Notes by @tucotuco required

Tasilee avatar Jul 16 '23 23:07 Tasilee

I missed the Parameter(s) (added) and the syntax on the vocabulary in Source Authority (done)

Tasilee avatar Jul 17 '23 00:07 Tasilee

Updated comment from blank to

"The term dwc:basisOfRecord has the comment "Recommended best practice is to use the standard label of one of the Darwin Core classes." The list of these values can be determined by searching https://github.com/tdwg/dwc/blob/master/vocabulary/term_versions.csv for rows with status="recommended" and rdf_type="http://www.w3.org/2000/01/rdf-schema#Class". For tests against a dwc:Occurrence record, the set of valid terms is more limited and embodied in the resource found at https://rs.gbif.org/vocabulary/dwc/basis_of_record.xml, which contains both preferred labels and alternate labels from which to standardize values. This test will fail if there is leading or trailing whitespace or there are leading or trailing non-printing characters."

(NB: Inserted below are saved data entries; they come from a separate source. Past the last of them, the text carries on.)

Lemma usac_usd M N : usac M N -> usd M N.
Proof.
move=> [A [mA Hac]]; have [delta [delta0 Hdelta]] := Hac 1 ltr01.
exists delta^-1, A; split => // a b f g E fd gd mE.
have mEA : measurable (E `&` A) by exact: measurableI.
have mEAc : measurable (E `&` ~` A) by apply: measurableI => //; exact: measurableC.
apply: lee_split_bound; rewrite ?invr_gt0 ?variation_ge0 //.
move=> x y x0 y0 Vx Vy; apply/lee_addgt0Pr => e e0.
have xye0 : 0 < x + y + e * delta by rewrite ltr_wpDl ?addr_ge0 ?mulr_gt0.
(* lam rescales the combination so that its N-variation is at most delta. *)
pose lam := delta / (x + y + e * delta).
have lam0 : 0 < lam by exact: divr_gt0.
have scaledM : (lam%:E * variation (comb a b f g M) E <= 1%:E)%E.
  rewrite -variation_combZ //; apply: Hdelta => //.
  rewrite !variation_combZ // Vx Vy -!EFinM -EFinD lee_fin -mulrDr.
  rewrite /lam mulrAC ler_pdivrMr // ler_wpM2l ?ltW //.
  by rewrite ltrDl mulr_gt0.
rewrite -[variation _ _]mul1e -(mulVf (lt0r_neq0 lam0)) EFinM -muleA.
apply: le_trans (lee_wpmul2l _ scaledM) _; first by rewrite lee_fin invr_ge0 ltW.
rewrite -EFinM -EFinD lee_fin /lam invf_div mulr1 le_eqVlt; apply/orP; left.
by apply/eqP; field; rewrite gt_eqF.
Qed.

Lemma sum_caco_le_variation (nu : set T -> R) (B E : set T) (x : R)
    n (G : 'I_n -> set T) (a : 'I_n -> R) :
  measurable B -> measurable E -> (forall i, measurable (G i)) ->
  trivIset setT G -> (forall i, G i `<=` E) ->
  (variation nu (E `&` B) <= x%:E)%E ->
  (forall i, caco [set nu (F `&` B) | F in [set F | measurable F /\ F `<=` G i]]
                  (a i)) ->
  \sum_(i < n) `|a i| <= x.
Proof.
move=> mB mE mG tG GE Vx Ga; apply/ler_addgt0Pr => e e0.
pose eps := e / n.+1%:R.
have eps0 : 0 < eps by apply: divr_gt0.
have pick i : exists F, (measurable F /\ F `<=` G i) /\
    `|a i| - eps < `|nu (F `&` B)|.
  have [|_ [F GF <-] lt] := caco_approx _ eps0 (Ga i); last by exists F.
  by exists (nu (set0 `&` B)), set0; split => //; exact: sub0set.
have [F /all_and2 [/all_and2 [mF FG] approx]] := choice pick.
have sumF : \sum_(i < n) `|nu (F i `&` B)| <= x.
  rewrite -lee_fin; apply: le_trans Vx; apply: variation_ge_partition.
  - exact: measurableI.
  - by move=> i; exact: measurableI.
  - move=> i j _ _ [y [[Fi _] [Fj _]]]; apply: tG => //.
    by exists y; split; [apply: FG Fi|apply: FG Fj].
  - by move=> i y [/FG/GE Ey By]; split.
apply: (@le_trans _ _ (\sum_(i < n) (`|nu (F i `&` B)| + eps))).
  by apply: ler_sum => i _; have := approx i; lra.
rewrite big_split /= sumr_const card_ord lerD //.
rewrite -mulr_natr /eps mulrAC ler_pdivrMr ?ltr0Sn // ler_wpM2l ?(ltW e0) //.
by rewrite ler_nat.
Qed.

Lemma uss_usd M N : uss M N -> usd M N.
Proof.
move=> [c [A [c0 [mA Hss]]]]; exists (c + 1), A; split => // a b f g E fd gd mE.
have mAc : measurable (~` A) by exact: measurableC.
apply: lee_split_bound; rewrite ?ltr_wpDl ?variation_ge0 //; try exact: measurableI.
move=> x y x0 y0 Vx Vy.
apply: (@le_trans _ _ (c * (x + y))%:E); last first.
  by rewrite lee_fin ler_wpM2r ?addr_ge0 ?lerDl.
apply: ge_ereal_sup => _ [n [G [mG [tG [UG ->]]]]]; rewrite lee_fin.
have GE i : G i `<=` E by rewrite -UG => z Gz; exists i.
(* decompose each m(G_i) = c a_i + c b_i as provided by uss on G_i *)
have [al hal] := choice (fun i => Hss a b f g (G i) fd gd (mG i)).
have [bl /all_and2 [Gal /all_and2 [Gbl Gab]]] := choice hal.
have sum_al : \sum_(i < n) `|al i| <= x.
  by apply: (sum_caco_le_variation mA mE mG tG GE _ Gal); rewrite Vx.
have sum_bl : \sum_(i < n) `|bl i| <= y.
  by apply: (sum_caco_le_variation mAc mE mG tG GE _ Gbl); rewrite Vy.
apply: (@le_trans _ _ (\sum_(i < n) (c * `|al i| + c * `|bl i|))).
  apply: ler_sum => i _; rewrite Gab.
  by apply: (le_trans (ler_normD _ _)); rewrite !normrM ger0_norm.
by rewrite big_split /= -!mulr_sumr -mulrDr ler_wpM2l // lerD.
Qed.

End Domination.

(* Proposition 4.3. *)
Theorem proposition4p3 (R : realType) (d : measure_display) (T : measurableType d)
  (X : tvsType R) (M N : set T -> set X) :
  hausdorff_space X -> multimeasure M -> multimeasure N ->
  (usac M N <-> usd M N) /\ (uss M N -> usd M N).
Proof.
move=> _ _ _; split; last exact: uss_usd.
by split; [exact: usac_usd|exact: usd_usac].
Qed.
Lemma qEuler_sum_block M : (p %| M)%N -> odd M ->
  Rle (abs (qEuler_sum (p * M) - qEuler_sum M)) (abs (qint q M)).
Proof.
move=> dvd_pM oM; rewrite /qEuler_sum.
rewrite (sum_ord_blocks (fun x => chi x * (-1) ^+ x * qint q x ^+ n)).
set T := \sum_(x < M) _.
have -> : T = \sum_(y < p) (-1) ^+ y * T by rewrite -mulr_suml sum_sign_odd ?mul1r.
rewrite -sumrB; apply: (abs_sum_le Habs); first exact: (abs_ge0 Habs).
move=> y; rewrite /T mulr_sumr -sumrB.
apply: (abs_sum_le Habs); first exact: (abs_ge0 Habs).
move=> a.
have chi_block : chi (y * M + a)%N = chi a.
  have -> : (y * M = y * (M %/ p) * p)%N by rewrite -mulnA divnK.
  by rewrite addnC chi_periodic.
have sign_block : (-1) ^+ (y * M + a)%N = (-1) ^+ y * (-1) ^+ a :> K.
  by rewrite exprD -signr_odd oddM oM andbT signr_odd.
rewrite chi_block sign_block.
have -> : chi a * ((-1) ^+ y * (-1) ^+ a) * qint q (y * M + a) ^+ n
    - (-1) ^+ y * (chi a * (-1) ^+ a * qint q a ^+ n)
    = (-1) ^+ y * (chi a * (-1) ^+ a)
      * (qint q (y * M + a) ^+ n - qint q a ^+ n).
  by rewrite mulrBr !mulrA [chi a * _]mulrC.
apply: (abs_mul_le Habs).
  apply: (abs_mul_le Habs); first exact: (abs_sign_le1 Habs).
  apply: (abs_mul_le Habs); last exact: (abs_sign_le1 Habs).
  exact: (abs_chi_le1 Habs _ (prime_gt1 Hprime) Hchi).
apply: Rle_trans (abs_qint_shift Habs _ _ _ Hq).
by apply: (abs_powdiff Habs); apply: (abs_qint_le1 Habs).
Qed.

(* Consecutive partial sums: u_(N+1) - u_N = T_(p p^(N+1)) - T_(p^(N+1)). *)
Lemma qEuler_partial_step N :
  Rle (abs (qEuler_partial p chi q n N.+1 - qEuler_partial p chi q n N))
      (abs (qint q (p ^ N.+1)%N)).
Proof.
have oM : odd (p * p ^ N)%N by rewrite oddM oddX Hodd orbT.
have := qEuler_sum_block (dvdn_mulr _ (dvdnn p)) oM.
by rewrite /qEuler_partial -!expnS => block; exact: block.
Qed.

Lemma qEuler_partial_limit : Rlt (abs (1 - q)) R1 ->
  exists L, converges abs (qEuler_partial p chi q n) L /\
    Rle (abs (L - qEuler_partial p chi q n 0)) (abs (qint q p)).
Proof.
move=> h1q; set u := qEuler_partial p chi q n.
set c := Rmax (abs (p%:R : K)) (abs (1 - q)).
have c0 : Rle R0 c := Rle_trans _ _ _ (abs_ge0 Habs _) (Rmax_l _ _).
have c1 : Rlt c R1.
  by apply: Rmax_lub_lt => //; exact: (abs_p_lt1 Habs (prime_gt1 Hprime)).
have geometric N : Rle (abs (u N.+1 - u N)) (pow c N).
  apply: Rle_trans (qEuler_partial_step N) _.
  apply: Rle_trans (abs_qint_ppow Habs _ Hq) _; rewrite /= -/c.
  have := pow_le c N c0; nra.
have within_p N : (0 <= N)%N -> Rle (abs (u N.+1 - u N)) (abs (qint q p)).
  move=> _; apply: Rle_trans (qEuler_partial_step N) _.
  rewrite expnS qint_mul (abs_mul Habs).
  have := abs_qint_le1 Habs (p ^ N)%N (abs_exp_le1 Habs p Hq).
  have := abs_ge0 Habs (qint q p).
  have := abs_ge0 Habs (qint (q ^+ p) (p ^ N)%N); nra.
have [L hL] := abs_complete Habs (cauchy_geometric Habs c0 c1 geometric).
exists L; split => //; apply: (converges_ball Habs hL) => N.
exact: (abs_telescope Habs (abs_ge0 Habs _) within_p N).
Qed.

End QEulerSums.

Lemma Rpower_neg_inv_lt1 p :
  (1 < p)%N -> Rlt (Rpower (INR p) (Ropp (Rinv (INR (p - 1))))) R1.
Proof.
move=> p1; have hp : Rlt R1 (INR p) by apply: (lt_INR 1 p); apply/ltP.
have h0 : Rlt R0 (INR (p - 1)) by apply: lt_0_INR; apply/ltP; rewrite subn_gt0.
have := Rpower_lt (INR p) _ R0 hp (Ropp_lt_gt_0_contravar _ (Rinv_0_lt_compat _ h0)).
rewrite Rpower_O; lra.
Qed.
Lemma cell_bitP (i j : C) : (forall k, k < n -> bit i k = bit j k) -> i = j.
Proof. by move=> h; apply/ffunP => m; rewrite -!bit_ord h. Qed.

Definition flip2 (k l : nat) (i : C) : C :=
  [ffun m : 'I_n => i m (+) ((val m == k) || (val m == l))].

Lemma coord_flip2 k l (i : C) x :
  coord (flip2 k l i) x = coord i x (+) ((x < n) && ((x == k) || (x == l))).
Proof.
case: (ltnP x n) => h; last by rewrite !coord_ge.
by have -> : x = Ordinal h by []; rewrite !coord_ord ffunE.
Qed.

Lemma parity_flip2 k l (i : C) : k != l ->
  parity (flip2 k l i) = parity i (+) ((k < n) (+) (l < n)).
Proof.
move=> kl; rewrite /parity.
have -> : \sum_(0 <= x < n) coord (flip2 k l i) x =
          \sum_(0 <= x < n) (coord i x (+) ((x == k) || (x == l))).
  by apply: eq_big_nat => x /andP[_ h]; rewrite coord_flip2 h.
rewrite odd_sum_addb; congr (_ (+) _).
have -> : \sum_(0 <= x < n) ((x == k) || (x == l)) = \sum_(0 <= x < n) ((x == k) + (x == l)).
  apply: eq_bigr => x _; case: (eqVneq x k) => [->|//].
  by rewrite (negbTE kl).
by rewrite big_split !sum_eqn_index_iota oddD; case: (k < n); case: (l < n).
Qed.

Lemma bit_flip2 k l (i : C) x : k != l -> k < n.+1 -> l < n.+1 -> x < n.+1 ->
  bit (flip2 k l i) x = bit i x (+) ((x == k) || (x == l)).
Proof.
move=> kl hk hl hx; rewrite /bit; case: ifP => h; first by rewrite coord_flip2 h.
rewrite parity_flip2 //; congr (_ (+) _).
have xn : x = n by apply/eqP; rewrite eqn_leq -ltnS hx leqNgt h.
subst x; rewrite !ltnS in hk hl.
case: (ltngtP k n) => [k1|k1|k1]; case: (ltngtP l n) => [l1|l1|l1] //=.
all: first [by move: hl; rewrite leqNgt l1 | by move: hk; rewrite leqNgt k1
           | by move: kl; rewrite k1 l1 eqxx].
Qed.

End Words.

Section Fibers.
Variable n : nat.
Local Notation C := (cell n.+1).
Local Notation V := (nvec n.+1).

Definition vadd (a b : V) : V := [ffun i => a i + b i].
Definition delta (u : C) : V := [ffun i => nat_of_bool (i == u)].
Definition vpair (u v : C) : V := vadd (delta u) (delta v).
Definition wsum (y : V) (f : C -> nat) := \sum_i y i * f i.
Definition total (y : V) := wsum y (fun _ => 1).
Definition colsum (y : V) (k : nat) := wsum y (fun i => bit i k).
Definition same_margins (y z : V) :=
  total y = total z /\ forall k, k < n.+1 -> colsum y k = colsum z k.

Lemma wsum_vadd a b f : wsum (vadd a b) f = wsum a f + wsum b f.
Proof. by rewrite /wsum -big_split; apply: eq_bigr => i _; rewrite ffunE mulnDl. Qed.

Lemma wsum_delta u f : wsum (delta u) f = f u.
Proof.
rewrite /wsum (bigD1 u) //= big1 ?addn0; first by rewrite ffunE eqxx mul1n.
by move=> i /negbTE h; rewrite ffunE h.
Qed.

tucotuco avatar Jul 17 '23 01:07 tucotuco

Splitting bdqffdq:Information Elements into "Information Elements ActedUpon" and "Information Elements Consulted".

Also changed "Field" to "TestField", "Output Type" to "TestType" and updated "Specification Last Updated"

Tasilee avatar Sep 18 '23 00:09 Tasilee

Updated note to remove evident copy/paste error of fail on whitespace text. Leading or trailing whitespace is one condition this amendment should be able to propose a correction for.

chicoreus avatar Feb 23 '24 20:02 chicoreus

Note that the labels contain spaces, e.g. "Preserved Specimen", not "PreservedSpecimen".

Updating the examples from:

[dwc:basisOfRecord="Human obs": Response.status=AMENDED, Response.result=dwc:basisOfRecord="HumanObservation", Response.comment="dwc:basisOfRecord contains interpretable value"]

[dwc:basisOfRecord="FossilSpecimen": Response.status=NOT_AMENDED, Response.result="", Response.comment="dwc:basisOfRecord contains match in bdq:sourceAuthority so NOT_AMENDED"]

to

[dwc:basisOfRecord="Human obs": Response.status=AMENDED, Response.result=dwc:basisOfRecord="Human Observation", Response.comment="dwc:basisOfRecord contains interpretable value"]

[dwc:basisOfRecord="Fossil Specimen": Response.status=NOT_AMENDED, Response.result="", Response.comment="dwc:basisOfRecord contains match in bdq:sourceAuthority so NOT_AMENDED"]

Validation data for dataID rows 438, 439, 440, 441, 442, 443, 444, 445, and 446 need to be examined, and at least 443-446 need to be corrected to reflect spaces in the labels.

chicoreus avatar Jul 24 '24 12:07 chicoreus

Added an example to the note.

Needs Work label currently applies to the validation data rather than the specification.

chicoreus avatar Jul 24 '24 13:07 chicoreus

I don't agree with this one. The term names are the standard (HumanObservation), not their labels. From https://dwc.tdwg.org/terms/#dwc:basisOfRecord: "Recommended best practice is to use a controlled vocabulary such as the set of local names of the identifiers for classes in Darwin Core." Examples: HumanObservation

tucotuco avatar Jul 24 '24 13:07 tucotuco

@tucotuco Good. I like local names better. Feels like it fits better with more people's practices. Looks like the Darwin Core term recommendation for best practice has changed. On July 16, 2023, you had added the note with the text: "The term dwc:basisOfRecord has the comment "Recommended best practice is to use the standard label of one of the Darwin Core classes."

I'd be very in favor of changing the test note and examples and keeping the validation data with the local names (without spaces).

chicoreus avatar Jul 24 '24 15:07 chicoreus

Updated comment and examples accordingly.

chicoreus avatar Jul 24 '24 15:07 chicoreus

I have changed the relevant Test Data records and added a new one. Is NEEDS WORK still needed on this?

Tasilee avatar Aug 02 '24 00:08 Tasilee